Experts predict that following COVID-19, major investments will be made by various companies worldwide to improve their overall customer experience. In 2021, an estimated 47% of organisations are expected to deploy chatbots to provide customer support, with 40% of companies also predicted to adopt virtual assistants.
Programmed to respond to human inquiries as organically as possible, many sophisticated chatbots rely on machine learning to continually advance and become better at mimicking human-generated text. Within the next year, we will likely also see a major advancement in conversational AI bots — with a focus on increasing their ability to carry out more personalised, organic conversations and making them better at predicting customer sentiments.
5. More customer-focused app strategies
According to Google, the average weekly time spent on mobile applications grew by 20% in apps year over year. This suggests that intelligent apps have made a world of difference in how people have coped with the changes and challenges that have been brought on by the pandemic.
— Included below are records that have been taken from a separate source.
(* Let $X$ be a subspace of $\beta\omega$ with $\omega\subseteq X$. If $\operatorname{CL}(X)$ is pseudocompact, then for every cardinal $\kappa<\mathfrak h$, $\omega^\kappa$ is relatively countably compact in $X^\kappa$; consequently $X$ is $(\kappa,\omega^* )$-pseudocompact.
   Context: $\beta\omega$ is the Stone–Čech compactification of the discrete space $\omega$, $\omega^*$ its set of free ultrafilters. $\mathfrak h$ is the least cardinality of a family of open dense subsets of $([\omega]^\omega,\subseteq^* )$ with empty intersection (a family $\mathcal D\subseteq[\omega]^\omega$ is open dense if every $A\in[\omega]^\omega$ contains some $B\in\mathcal D$, and $\mathcal D$ is closed under infinite $\subseteq^*$-subsets). A subset $Y$ of $Z$ is relatively countably compact in $Z$ if every countably infinite subset of $Y$ has an accumulation point in $Z$. For $p\in\omega^*$ and sets $B_n\subseteq X$, $x$ is a $p$-limit of $(B_n)$ if $\{n:V\cap B_n\ne\emptyset\}\in p$ for each neighborhood $V$ of $x$; $X$ is $(\kappa,\omega^* )$-pseudocompact if for every family of $\kappa$ sequences of nonempty open subsets of $X$ there is a single $p\in\omega^*$ such that each sequence has a $p$-limit point in $X$. $\operatorname{CL}(X)$ is the set of nonempty closed subsets of $X$ with the Vietoris topology; pseudocompact means every continuous real-valued function is bounded. *)

From Stdlib Require Import Reals List.
Open Scope R_scope.

Definition finite_set {T : Type} (A : T -> Prop) : Prop :=
  exists l : list T, forall x, A x -> In x l.
Definition infinite_set {T : Type} (A : T -> Prop) : Prop := ~ finite_set A.
Definition countably_infinite {T : Type} (Y : T -> Prop) : Prop :=
  exists f : nat -> T, (forall m n, f m = f n -> m = n) /\
                       (forall y, Y y <-> exists n, f n = y).

Definition is_ultrafilter (U : (nat -> Prop) -> Prop) : Prop :=
  U (fun _ => True) /\ ~ U (fun _ => False) /\
  (forall A B : nat -> Prop, U A -> (forall n, A n -> B n) -> U B) /\
  (forall A B : nat -> Prop, U A -> U B -> U (fun n => A n /\ B n)) /\
  (forall A : nat -> Prop, U A \/ U (fun n => ~ A n)).

Definition bw : Type := { U : (nat -> Prop) -> Prop | is_ultrafilter U }.

Definition mem (p : bw) (A : nat -> Prop) : Prop := proj1_sig p A.

Lemma principal_uf (n : nat) : is_ultrafilter (fun A => A n).
Proof.
  repeat split; auto.
  intros A; destruct (Classical_Prop.classic (A n)); auto.
Qed.

(** the principal ultrafilter at n: the copy of n in beta omega *)
Definition pr (n : nat) : bw := exist _ (fun A => A n) (principal_uf n).

Definition omega_star (p : bw) : Prop := ~ exists n, p = pr n.

(** * Subspace topology on X ⊆ beta omega.
    The sets {p | A ∈ p} form a base of beta omega. *)
Definition open_in (X : bw -> Prop) (U : bw -> Prop) : Prop :=
  (forall p, U p -> X p) /\
  (forall p, U p -> exists A, mem p A /\ forall q, X q -> mem q A -> U q).

Definition closed_in (X : bw -> Prop) (F : bw -> Prop) : Prop :=
  (forall p, F p -> X p) /\ open_in X (fun p => X p /\ ~ F p).

Definition CL (X : bw -> Prop) (F : bw -> Prop) : Prop :=
  closed_in X F /\ exists p, F p.

Definition vbasic (Us Vs : list (bw -> Prop)) (G : bw -> Prop) : Prop :=
  (forall U, In U Us -> forall p, G p -> U p) /\
  (forall V, In V Vs -> exists p, G p /\ V p).

Definition vietoris_open (X : bw -> Prop) (O : (bw -> Prop) -> Prop) : Prop :=
  forall F, CL X F -> O F ->
    exists Us Vs : list (bw -> Prop),
      (forall U, In U Us -> open_in X U) /\
      (forall V, In V Vs -> open_in X V) /\
      vbasic Us Vs F /\
      (forall G, CL X G -> vbasic Us Vs G -> O G).

(** * Product topology on X^K (K an index set of cardinality kappa) *)
Definition prod_space {K : Type} (X : bw -> Prop) (x : K -> bw) : Prop :=
  forall k, X (x k).

Definition prod_open {K : Type} (X : bw -> Prop) (O : (K -> bw) -> Prop) : Prop :=
  forall x, prod_space X x -> O x ->
    exists (ks : list K) (U : K -> bw -> Prop),
      (forall k, open_in X (U k)) /\
      (forall k, In k ks -> U k (x k)) /\
      (forall y, prod_space X y -> (forall k, In k ks -> U k (y k)) -> O y).

Definition accumulation_point {T : Type} (S : T -> Prop) (op : (T -> Prop) -> Prop)
  (Y : T -> Prop) (x : T) : Prop :=
  S x /\ forall O, op O -> O x -> infinite_set (fun y => Y y /\ O y).

Definition rel_countably_compact {T : Type} (S : T -> Prop)
  (op : (T -> Prop) -> Prop) (Y : T -> Prop) : Prop :=
  forall Z, (forall y, Z y -> Y y) -> countably_infinite Z ->
    exists x, accumulation_point S op Z x.

Definition continuous_on {T : Type} (S : T -> Prop) (op : (T -> Prop) -> Prop)
  (f : T -> R) : Prop :=
  forall x, S x -> forall eps, 0 < eps ->
    exists O, op O /\ O x /\ forall y, S y -> O y -> Rabs (f y - f x) < eps.

Definition pseudocompact {T : Type} (S : T -> Prop) (op : (T -> Prop) -> Prop) : Prop :=
  forall f : T -> R, continuous_on S op f -> exists M, forall x, S x -> Rabs (f x) <= M.

Definition almost_sub (A B : nat -> Prop) : Prop :=
  finite_set (fun n => A n /\ ~ B n).

Definition open_dense (D : (nat -> Prop) -> Prop) : Prop :=
  (forall B, D B -> infinite_set B) /\
  (forall A, infinite_set A -> exists B, D B /\ forall n, B n -> A n) /\
  (forall B C, D B -> infinite_set C -> almost_sub C B -> D C).

(** |K| < h : every family of at most |K| open dense subsets of
    ([omega]^omega, ⊆* ) has nonempty intersection *)
Definition card_lt_h (K : Type) : Prop :=
  forall D : K -> ((nat -> Prop) -> Prop), (forall k, open_dense (D k)) ->
    exists A, infinite_set A /\ forall k, D k A.

Definition p_limit (X : bw -> Prop) (p : bw) (B : nat -> bw -> Prop) (x : bw) : Prop :=
  X x /\ forall V, open_in X V -> V x -> mem p (fun n => exists q, V q /\ B n q).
In response to this shift in consumer behaviour, Google reports that companies are looking to tailor their app strategies and business models to be more customer-centric within the next year. Some examples of how brands are looking to provide more intuitive apps that will meet market demands include:
- AI-enhanced tracking apps that follow people’s movement during COVID-19 lockdowns
- Andie, an app that uses AI to predict wait times, queues and checkout times to ensure safer retail experiences for customers
Google has also reportedly donated upwards of US $8.5 million to 31 organizations around the world to employ AI and data analytics to aid in COVID-19 response initiatives. In partnership with Google, some of the world’s top participating universities have outlined their plans to fight COVID-19 by developing interactive, public-facing trackers, building digital tools, creating more enhanced digital contact tracing methods and much more.
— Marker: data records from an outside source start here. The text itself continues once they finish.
(* If $\lambda_n\to\infty$, then for every $d>-1$, $$\rho(\psi_d,\lambda_n)=1-\frac{(d-1)^2}{6\lambda_n}+O(\lambda_n^{-2}).$$
   Context: $\lambda_n>0$ is a sequence of parameters; $\xi\sim\mathrm{Poisson}(\lambda_n)$. For a real function $h$ on $[0,\infty)$, $r_n=\lambda_n^{-1}\mathrm{cov}(h(\xi),\xi)$ and $\rho(h,\lambda_n)=\mathrm{corr}(h(\xi)-r_n\xi,\ \xi^2-(2\lambda_n+1)\xi)$. Power divergence functions: $\psi_d(x)=\frac{2}{d(d+1)}x[(x/\lambda_n)^d-1]$ for $d>-1$, $d\ne0$, and $\psi_0(x)=2x\log(x/\lambda_n)$. *)

From Stdlib Require Import Reals.
From Coquelicot Require Import Coquelicot.
Open Scope R_scope.

Definition pois_pmf (lam : R) (k : nat) : R :=
  exp (- lam) * lam ^ k / INR (Factorial.fact k).

Definition pois_E (lam : R) (f : R -> R) : R :=
  Series (fun k => f (INR k) * pois_pmf lam k).

Definition pois_cov (lam : R) (f g : R -> R) : R :=
  pois_E lam (fun x => f x * g x) - pois_E lam f * pois_E lam g.

Definition pois_var (lam : R) (f : R -> R) : R := pois_cov lam f f.

Definition pois_corr (lam : R) (f g : R -> R) : R :=
  pois_cov lam f g / sqrt (pois_var lam f * pois_var lam g).

Definition r_coef (h : R -> R) (lam : R) : R :=
  pois_cov lam h (fun x => x) / lam.

Definition rho (h : R -> R) (lam : R) : R :=
  pois_corr lam (fun x => h x - r_coef h lam * x)
                (fun x => x ^ 2 - (2 * lam + 1) * x).

(* Power divergence function psi_d (depending on lam).  At x = 0 the value
   is 0 (the continuous extension): Rpower 0 d = 1 and ln 0 = 0 in Stdlib,
   and both are multiplied by x = 0. *)
Definition psi (d lam x : R) : R :=
  if Req_EM_T d 0 then 2 * x * ln (x / lam)
  else 2 / (d * (d + 1)) * x * (Rpower (x / lam) d - 1).

(* Write U = (xi - lam) / lam.  Then psi_d(xi) = lam F(U) + 2/(d+1) (xi - lam), where
   F(u) = phi(1 + u), phi(t) = 2 (t^(d+1) - 1 - (d+1)(t-1)) / (d(d+1)) (the limit
   2 (t ln t - t + 1) if d = 0), and Taylor's theorem gives
   F(u) = u^2 + a u^3 + b u^4 + O(|u|^5 (1 + |u|)^M), a = (d-1)/3, b = (d-1)(d-2)/12.
   Subtracting r xi projects out the linear part, so rho is the partial correlation of
   F(U) and the second Charlier polynomial Z = U^2 - U/lam - 1/lam given 1 and U:
   rho > 0 for large lam and rho^2 = 1 - R2/R1, where R1 and R2 are the residual
   variances of F(U) after projecting onto span{1, U} and span{1, U, Z}.  For the
   quartic part these are polynomials in 1/lam computed from the Poisson moments
   E[U^j], j <= 8: R1 = 2/lam^2 + O(lam^-3) and R2 = 6 a^2/lam^3 + O(lam^-4).  The
   remainder S(U) has E[S^2] = O(lam^-5), and by Cauchy-Schwarz for the residual forms
   it moves R1 and R2 by O(lam^-4) only.  Hence 1 - rho^2 = 3 a^2/lam + O(lam^-2), that
   is rho = 1 - (d-1)^2/(6 lam) + O(lam^-2). *)

From Stdlib Require Import Reals Lra Lia List.
From Coquelicot Require Import Coquelicot.
Open Scope R_scope.
Import ListNotations.

(** * Expectations under the Poisson law *)

(* Growth condition on the support of the Poisson law; it makes every [pois_E]
   below an absolutely convergent series. *)
Definition poly_bounded (f : R -> R) : Prop :=
  exists C m, forall k : nat, Rabs (f (INR k)) <= C * (1 + INR k) ^ m.

Lemma pois_pmf_nonneg lam k : 0 <= lam -> 0 <= pois_pmf lam k.
Proof.
  intros Hl. unfold pois_pmf. apply Rmult_le_pos.
  - apply Rmult_le_pos; [left; apply exp_pos | apply pow_le; lra].
  - left. apply Rinv_0_lt_compat, lt_0_INR, Factorial.lt_O_fact.
Qed.

Lemma pois_pmf_succ lam k : pois_pmf lam (S k) = lam / INR (S k) * pois_pmf lam k.
Proof.
  unfold pois_pmf. rewrite fact_simpl, mult_INR. simpl pow.
  assert (0 < INR (S k)) by apply lt_0_INR, Nat.lt_0_succ.
  assert (0 < INR (Factorial.fact k)) by apply lt_0_INR, Factorial.lt_O_fact.
  field. lra.
Qed.

Lemma is_series_pois_pmf lam : is_series (pois_pmf lam) 1.
Proof.
  assert (H := proj2_sig (exist_exp lam)). simpl in H.
  change (proj1_sig (exist_exp lam)) with (exp lam) in H.
  apply is_series_Reals, (is_series_scal_l (exp (- lam))) in H.
  rewrite <- exp_plus, Rplus_opp_l, exp_0 in H.
  eapply is_series_ext; [|exact H].
  intros n. unfold pois_pmf, scal; simpl. unfold mult; simpl. field.
  apply not_0_INR, Nat.neq_0_lt_0, Factorial.lt_O_fact.
Qed.

Lemma poly_bounded_nonneg f : poly_bounded f ->
  exists C m, 0 <= C /\ forall k : nat, Rabs (f (INR k)) <= C * (1 + INR k) ^ m.
Proof.
  intros [C [m Hf]]. exists (Rabs C), m. split; [apply Rabs_pos|].
  intros k. eapply Rle_trans; [apply Hf|]. apply Rmult_le_compat_r; [|apply RRle_abs].
  apply pow_le. generalize (pos_INR k). lra.
Qed.

Lemma poly_bounded_const c : poly_bounded (fun _ => c).
Proof. exists (Rabs c), 0%nat. intros k. simpl. lra. Qed.

Lemma poly_bounded_id : poly_bounded (fun x => x).
Proof. exists 1, 1%nat. intros k. rewrite Rabs_pos_eq by apply pos_INR. simpl. lra. Qed.

Lemma poly_bounded_le f g :
  (forall k : nat, Rabs (f (INR k)) <= Rabs (g (INR k))) -> poly_bounded g -> poly_bounded f.
Proof. intros H [C [m Hg]]. exists C, m. intros k. eapply Rle_trans; [apply H | apply Hg]. Qed.

Lemma poly_bounded_plus f g :
  poly_bounded f -> poly_bounded g -> poly_bounded (fun x => f x + g x).
Proof.
  intros Hf Hg.
  destruct (poly_bounded_nonneg f Hf) as [C1 [m1 [HC1 H1]]].
  destruct (poly_bounded_nonneg g Hg) as [C2 [m2 [HC2 H2]]].
  exists (C1 + C2), (m1 + m2)%nat. intros k.
  assert (Hk : 1 <= 1 + INR k) by (generalize (pos_INR k); lra).
  assert (E1 : (1 + INR k) ^ m1 <= (1 + INR k) ^ (m1 + m2)) by (apply Rle_pow; [lra | lia]).
  assert (E2 : (1 + INR k) ^ m2 <= (1 + INR k) ^ (m1 + m2)) by (apply Rle_pow; [lra | lia]).
  specialize (H1 k). specialize (H2 k).
  eapply Rle_trans; [apply Rabs_triang|]. nra.
Qed.

Lemma poly_bounded_mult f g :
  poly_bounded f -> poly_bounded g -> poly_bounded (fun x => f x * g x).
Proof.
  intros Hf Hg.
  destruct (poly_bounded_nonneg f Hf) as [C1 [m1 [HC1 H1]]].
  destruct (poly_bounded_nonneg g Hg) as [C2 [m2 [HC2 H2]]].
  exists (C1 * C2), (m1 + m2)%nat. intros k. rewrite Rabs_mult, pow_add.
  replace (C1 * C2 * ((1 + INR k) ^ m1 * (1 + INR k) ^ m2))
    with (C1 * (1 + INR k) ^ m1 * (C2 * (1 + INR k) ^ m2)) by ring.
  apply Rmult_le_compat; auto; apply Rabs_pos.
Qed.

Lemma poly_bounded_scal c f : poly_bounded f -> poly_bounded (fun x => c * f x).
Proof. intros Hf. apply poly_bounded_mult; auto. apply poly_bounded_const. Qed.

Lemma poly_bounded_minus f g :
  poly_bounded f -> poly_bounded g -> poly_bounded (fun x => f x - g x).
Proof.
  intros Hf Hg. apply (poly_bounded_le _ (fun x => f x + (-1) * g x)).
  - intros k. right. f_equal. ring.
  - apply poly_bounded_plus, poly_bounded_scal; auto.
Qed.

Lemma poly_bounded_pow f n : poly_bounded f -> poly_bounded (fun x => f x ^ n).
Proof.
  intros Hf. induction n as [|n IH]; simpl.
  - apply poly_bounded_const.
  - apply poly_bounded_mult; auto.
Qed.

Lemma poly_bounded_abs f : poly_bounded f -> poly_bounded (fun x => Rabs (f x)).
Proof. apply poly_bounded_le. intros k. rewrite Rabs_Rabsolu. lra. Qed.

Section Expectation.

Variable lam : R.
Hypothesis Hlam : 0 <= lam.

Lemma ex_series_pois_poly_weight m :
  ex_series (fun k => (1 + INR k) ^ m * pois_pmf lam k).
Proof.
  induction m as [|m IH].
  - apply (ex_series_ext (pois_pmf lam)); [intros; simpl; ring|].
    eexists; apply is_series_pois_pmf.
  - (* the extra factor [INR k] is absorbed by the shift [pois_pmf_succ] *)
    assert (Hk : ex_series (fun k => INR k * (1 + INR k) ^ m * pois_pmf lam k)).
    { apply ex_series_incr_1.
      apply (@ex_series_le R_AbsRing R_CompleteNormedModule _
               (fun k => lam * 2 ^ m * ((1 + INR k) ^ m * pois_pmf lam k))).
      - intros k. rewrite pois_pmf_succ, S_INR.
        assert (0 <= INR k) by apply pos_INR.
        assert (0 <= pois_pmf lam k) by (apply pois_pmf_nonneg; auto).
        replace ((INR k + 1) * (1 + (INR k + 1)) ^ m * (lam / (INR k + 1) * pois_pmf lam k))
          with (lam * (2 + INR k) ^ m * pois_pmf lam k)
          by (replace (1 + (INR k + 1)) with (2 + INR k) by ring; field; lra).
        assert ((2 + INR k) ^ m <= 2 ^ m * (1 + INR k) ^ m).
        { rewrite <- Rpow_mult_distr. apply pow_incr. lra. }
        change (norm (lam * (2 + INR k) ^ m * pois_pmf lam k))
          with (Rabs (lam * (2 + INR k) ^ m * pois_pmf lam k)).
        assert (0 <= (2 + INR k) ^ m) by (apply pow_le; lra).
        rewrite Rabs_pos_eq by (apply Rmult_le_pos; [apply Rmult_le_pos|]; lra).
        replace (lam * 2 ^ m * ((1 + INR k) ^ m * pois_pmf lam k))
          with (lam * (2 ^ m * (1 + INR k) ^ m) * pois_pmf lam k) by ring.
        apply Rmult_le_compat_r, Rmult_le_compat_l; auto.
      - exact (ex_series_scal_l (lam * 2 ^ m) _ IH). }
    eapply ex_series_ext; [|exact (ex_series_plus _ _ IH Hk)].
    intros k. simpl. unfold plus; simpl. ring.
Qed.

Lemma ex_series_pois_E f :
  poly_bounded f -> ex_series (fun k => f (INR k) * pois_pmf lam k).
Proof.
  intros [C [m Hf]]. apply ex_series_Rabs.
  apply (@ex_series_le R_AbsRing R_CompleteNormedModule _
           (fun k => C * ((1 + INR k) ^ m * pois_pmf lam k))).
  - intros k. change (norm (Rabs (f (INR k) * pois_pmf lam k)))
      with (Rabs (Rabs (f (INR k) * pois_pmf lam k))).
    rewrite Rabs_Rabsolu, Rabs_mult, (Rabs_pos_eq (pois_pmf lam k))
      by (apply pois_pmf_nonneg; auto).
    rewrite <- Rmult_assoc. apply Rmult_le_compat_r; [apply pois_pmf_nonneg; auto | apply Hf].
  - exact (ex_series_scal_l C _ (ex_series_pois_poly_weight m)).
Qed.

Lemma pois_E_ext f g :
  (forall k : nat, f (INR k) = g (INR k)) -> pois_E lam f = pois_E lam g.
Proof. intros H. apply Series_ext. intros k. now rewrite H. Qed.

Lemma pois_E_plus f g : poly_bounded f -> poly_bounded g ->
  pois_E lam (fun x => f x + g x) = pois_E lam f + pois_E lam g.
Proof.
  intros Hf Hg. unfold pois_E.
  rewrite <- Series_plus by (apply ex_series_pois_E; auto).
  apply Series_ext. intros; ring.
Qed.

Lemma pois_E_scal c f : pois_E lam (fun x => c * f x) = c * pois_E lam f.
Proof. unfold pois_E. rewrite <- Series_scal_l. apply Series_ext. intros; ring. Qed.

Lemma pois_E_const c : pois_E lam (fun _ => c) = c.
Proof.
  unfold pois_E. rewrite Series_scal_l, (is_series_unique _ _ (is_series_pois_pmf lam)).
  ring.
Qed.

Lemma pois_E_nonneg f : poly_bounded f -> (forall k : nat, 0 <= f (INR k)) ->
  0 <= pois_E lam f.
Proof.
  intros Hf Hpos. unfold pois_E.
  replace 0 with (Series (fun k => 0 * pois_pmf lam k)) by (rewrite Series_scal_l; ring).
  apply Series_le.
  - intros k. rewrite Rmult_0_l. split; [lra|].
    apply Rmult_le_pos; [apply Hpos | apply pois_pmf_nonneg; auto].
  - apply ex_series_pois_E; auto.
Qed.

Lemma pois_E_minus f g : poly_bounded f -> poly_bounded g ->
  pois_E lam (fun x => f x - g x) = pois_E lam f - pois_E lam g.
Proof.
  intros Hf Hg.
  rewrite (pois_E_ext (fun x => f x - g x) (fun x => f x + (-1) * g x)) by (intros; ring).
  rewrite pois_E_plus, pois_E_scal by (try apply poly_bounded_scal; auto). ring.
Qed.

Lemma pois_E_le f g : poly_bounded f -> poly_bounded g ->
  (forall k : nat, f (INR k) <= g (INR k)) -> pois_E lam f <= pois_E lam g.
Proof.
  intros Hf Hg H.
  assert (0 <= pois_E lam (fun x => g x - f x)).
  { apply pois_E_nonneg; [apply poly_bounded_minus; auto|]. intros k. specialize (H k). lra. }
  rewrite pois_E_minus in H0; auto. lra.
Qed.

Lemma pois_E_sum (g : nat -> R -> R) n : (forall i, poly_bounded (g i)) ->
  pois_E lam (fun x => sum_f_R0 (fun i => g i x) n) = sum_f_R0 (fun i => pois_E lam (g i)) n.
Proof.
  intros Hg. induction n as [|n IH]; simpl; auto.
  rewrite pois_E_plus, IH; auto.
  clear IH. induction n as [|n IH]; simpl; auto. apply poly_bounded_plus; auto.
Qed.

Lemma pois_E_stein f : poly_bounded f ->
  pois_E lam (fun x => (x - lam) * f x) = lam * (pois_E lam (fun x => f (x + 1)) - pois_E lam f).
Proof.
  intros Hf.
  assert (Hxf : pois_E lam (fun x => x * f x) = lam * pois_E lam (fun x => f (x + 1))).
  { unfold pois_E. rewrite Series_incr_1.
    2:{ apply (ex_series_pois_E (fun x => x * f x)), poly_bounded_mult; auto.
        apply poly_bounded_id. }
    rewrite <- Series_scal_l. simpl INR at 1. rewrite !Rmult_0_l, Rplus_0_l.
    apply Series_ext. intros k. rewrite pois_pmf_succ, S_INR.
    generalize (pos_INR k). intros. field. lra. }
  rewrite (pois_E_ext _ (fun x => x * f x - lam * f x)) by (intros; ring).
  rewrite pois_E_minus, Hxf, pois_E_scal.
  - ring.
  - apply poly_bounded_mult; auto. apply poly_bounded_id.
  - apply poly_bounded_scal; auto.
Qed.

End Expectation.

(** * Polynomials and moments of the relative deviation *)

(* Polynomials are coefficient lists, constant term first. *)
Fixpoint horner (l : list R) (u : R) : R :=
  match l with [] => 0 | c :: l' => c + u * horner l' u end.

Fixpoint poly_add (p q : list R) : list R :=
  match p, q with
  | [], _ => q
  | _, [] => p
  | a :: p', b :: q' => (a + b) :: poly_add p' q'
  end.

Fixpoint poly_mul (p q : list R) : list R :=
  match p with [] => [] | c :: p' => poly_add (map (Rmult c) q) (0 :: poly_mul p' q) end.

Fixpoint poly_pow (p : list R) (n : nat) : list R :=
  match n with O => [1] | S n => poly_mul p (poly_pow p n) end.

Lemma horner_add p q u : horner (poly_add p q) u = horner p u + horner q u.
Proof.
  revert q. induction p as [|a p IH]; intros [|b q]; simpl; try ring.
  rewrite IH. ring.
Qed.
6. More robots on the ground
In the last few years, we have seen extraordinary progress when it comes to the growth of robot technology across a wide range of worldwide sectors — including healthcare, manufacturing and core technologies. As we have seen changes in our behaviour and spending habits following COVID-19, higher levels of automation in the healthcare and manufacturing sectors seems like an inevitable response to a shift in marketing trends.
As social distancing has become the current norm and companies have sought out the best “contactless” remedies available, industries have already recognized the benefits of employing robots within various different industries. For example, robots have started working alongside healthcare workers to fight the virus, all with zero liability for risk attached to their circuitry. This has led to an increased use in healthcare robotics, where robots and AI have begun taking care of telehealth, lab automation and more.
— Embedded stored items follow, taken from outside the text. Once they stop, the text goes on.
(* Let $C\subseteq\mathbb{F}_2^n$ be a binary linear code with $\mathbf{1}_n\in C$, whose dual $C^\perp$ has minimum distance $d^\perp$, and let $t$ be a positive integer such that $$d^\perp-t=\#\{u \mid C_u\neq\emptyset,\ 0<u\le n-t\}=1.$$ Then the support design $D_{n/2}$ of $C$ for weight $n/2$ is a $1$-design or a $3$-design; more precisely, the largest integer $s\ge1$ such that $D_{n/2}$ is an $s$-design satisfies $s\in\{1,3\}$.
   Context: $\mathbf{1}_n$ is the all-ones vector; $C^\perp$ is the dual code with respect to the standard inner product; $d^\perp$ is the minimum nonzero weight of $C^\perp$; $C_u=\{c\in C:\mathrm{wt}(c)=u\}$ (Hamming weight). In this situation the nonzero weights of $C$ are exactly $n/2$ and $n$, with $n$ even. An $s$-design on a point set $X$ is a collection of blocks ($k$-subsets of $X$) such that every $s$-subset of $X$ lies in the same number of blocks. The support design $D_{n/2}$ has points $\{1,\dots,n\}$ and blocks the supports $\{i:c_i\neq0\}$ of codewords $c\in C$ of weight $n/2$. *)

From mathcomp Require Import all_boot all_order all_algebra.
Set Implicit Arguments. Unset Strict Implicit. Unset Printing Implicit Defensive.
Import GRing.Theory.
Local Open Scope ring_scope.

Definition word n := 'rV['F_2]_n.

(* linear over F_2: contains 0 and closed under addition (scalars are 0,1) *)
Definition linear_code n (C : {set word n}) : bool :=
  (0 \in C) && [forall x in C, forall y in C, x + y \in C].

Definition all_ones n : word n := \row_(i < n) 1.

Definition supp n (c : word n) : {set 'I_n} := [set i | c 0 i != 0].
Definition wt n (c : word n) : nat := #|supp c|.

Definition dotp n (x y : word n) : 'F_2 := \sum_(i < n) x 0 i * y 0 i.

Definition dual n (C : {set word n}) : {set word n} :=
  [set y | [forall x in C, dotp x y == 0]].

Definition min_dist n (D : {set word n}) (d : nat) : Prop :=
  (exists2 c, c \in D & (c != 0) && (wt c == d)) /\
  (forall c, c \in D -> c != 0 -> (d <= wt c)%N).

Definition C_u n (C : {set word n}) (u : nat) : {set word n} :=
  [set c in C | wt c == u].

Definition support_blocks n (C : {set word n}) (k : nat) : {set {set 'I_n}} :=
  [set supp c | c in C_u C k].

Definition is_design n (B : {set {set 'I_n}}) (k s : nat) : Prop :=
  (s <= k)%N /\
  exists lam : nat, forall S : {set 'I_n}, #|S| = s ->
    #|[set b in B | S \subset b]| = lam.

From mathcomp Require Import all_boot all_order all_algebra.
From mathcomp Require Import zify.
Set Implicit Arguments. Unset Strict Implicit. Unset Printing Implicit Defensive.
Import GRing.Theory.
Local Open Scope ring_scope.

(* Since the dual distance is t + 1, C is an orthogonal array of strength t: for
   |S| <= t every pattern on S is taken by exactly |C| / 2^|S| codewords.  For a
   t-set S, the nonzero codewords vanishing on S all have the single weight u, so
   counting weights shows that the union of their supports has the same size for
   every t-set S.  For S = supp y0 minus a point, y0 a dual word of weight t + 1,
   this union misses a point outside S; hence so it does for every t-set S, which
   yields a dual word of weight t + 1 whose support contains S.  As 1 is in C, dual
   weights are even, so t is odd, and adding two such dual words excludes t >= 5.
   For t = 1 and t = 3 every codeword other than 0 and 1 has weight n/2; for t = 3
   because the fourth point of the dual block through l, i, j maps the support of
   c bijectively onto its complement when c_i = 1 and c_j = 0.  The blocks of
   D_{n/2} through S then correspond to the codewords other than 1 that are 1 on S,
   whose number is |C| / 2^t - 1 for every t-set S, but differs between supp y0 and
   a (t + 1)-set that is not the support of a dual word. *)

Lemma F2_pchar : 2 \in [pchar 'F_2]. Proof. exact: pchar_Fp. Qed.

Lemma F2P (x : 'F_2) : x = 0 \/ x = 1.
Proof. by case: x => [[|[|m]] lt_m2]; [left|right|by []]; apply: val_inj. Qed.

Lemma F2_neq0 (x : 'F_2) : (x != 0) = (x == 1).
Proof. by case: (F2P x) => ->. Qed.

Lemma F2_nat m : (m%:R : 'F_2) = (odd m)%:R.
Proof. by rewrite -(GRing.natr_mod_pchar F2_pchar) modn2. Qed.

Lemma F2_add_eq0 (x y : 'F_2) : (x + y == 0) = (x == y).
Proof. by rewrite addr_eq0 (oppr_pchar2 F2_pchar). Qed.

Lemma sum_card_incidence (I T : finType) (A : {pred I}) (F : I -> {set T}) :
  (\sum_(i in A) #|F i| = \sum_x #|[set i in A | x \in F i]|)%N.
Proof.
transitivity (\sum_(i in A) \sum_x (x \in F i) : nat)%N.
  by apply: eq_bigr => i _; rewrite -sum1_card big_mkcond.
rewrite exchange_big; apply: eq_bigr => x _.
rewrite -sum1_card big_mkcond [RHS]big_mkcond; apply: eq_bigr => i _.
by rewrite !inE; case: (i \in A); case: (x \in F i).
Qed.

Section Words.
Variable n : nat.
Implicit Types (c y : word n) (A S : {set 'I_n}).

Definition ind_word A : word n := \row_i (i \in A)%:R.

Lemma word_entry c i : c 0 i = (i \in supp c)%:R.
Proof. by rewrite inE F2_neq0; case: (F2P (c 0 i)) => ->. Qed.

Lemma supp_ind A : supp (ind_word A) = A.
Proof. by apply/setP => i; rewrite inE mxE; case: (i \in A). Qed.

Lemma ind_supp c : ind_word (supp c) = c.
Proof. by apply/rowP => i; rewrite mxE -word_entry. Qed.

Lemma supp_inj : injective (@supp n).
Proof. by move=> c1 c2 eq_supp; rewrite -(ind_supp c1) eq_supp ind_supp. Qed.

Lemma supp0 : supp (0 : word n) = set0.
Proof. by apply/setP => i; rewrite !inE mxE. Qed.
Advanced robots that have object-recognition capabilities have also been behind a massive growth in the e-commerce sector, as they have provided extra manpower to accommodate the tremendous growth of online sales following the outbreak of COVID-19.
As such, it is certain that we will see the production of more AI-poweredrobots in 2021 and the coming years. A recent study conducted by Accenture suggests that “across 21 industries surveyed, 61% of executives now expect [that] their organizations will use robotics in uncontrolled environments within the next two years”.
When the pandemic finally subsides and economies begin to fully reopen, there is no doubt we will be entering a changed business landscape. In fact, it is predicted that by 2030, AI products will contribute more than US $15.7 trillion to the global economy. As we ready ourselves for a post-COVID-19 world, the capabilities of AI will be highly instrumental in helping us transition into the “next normal”.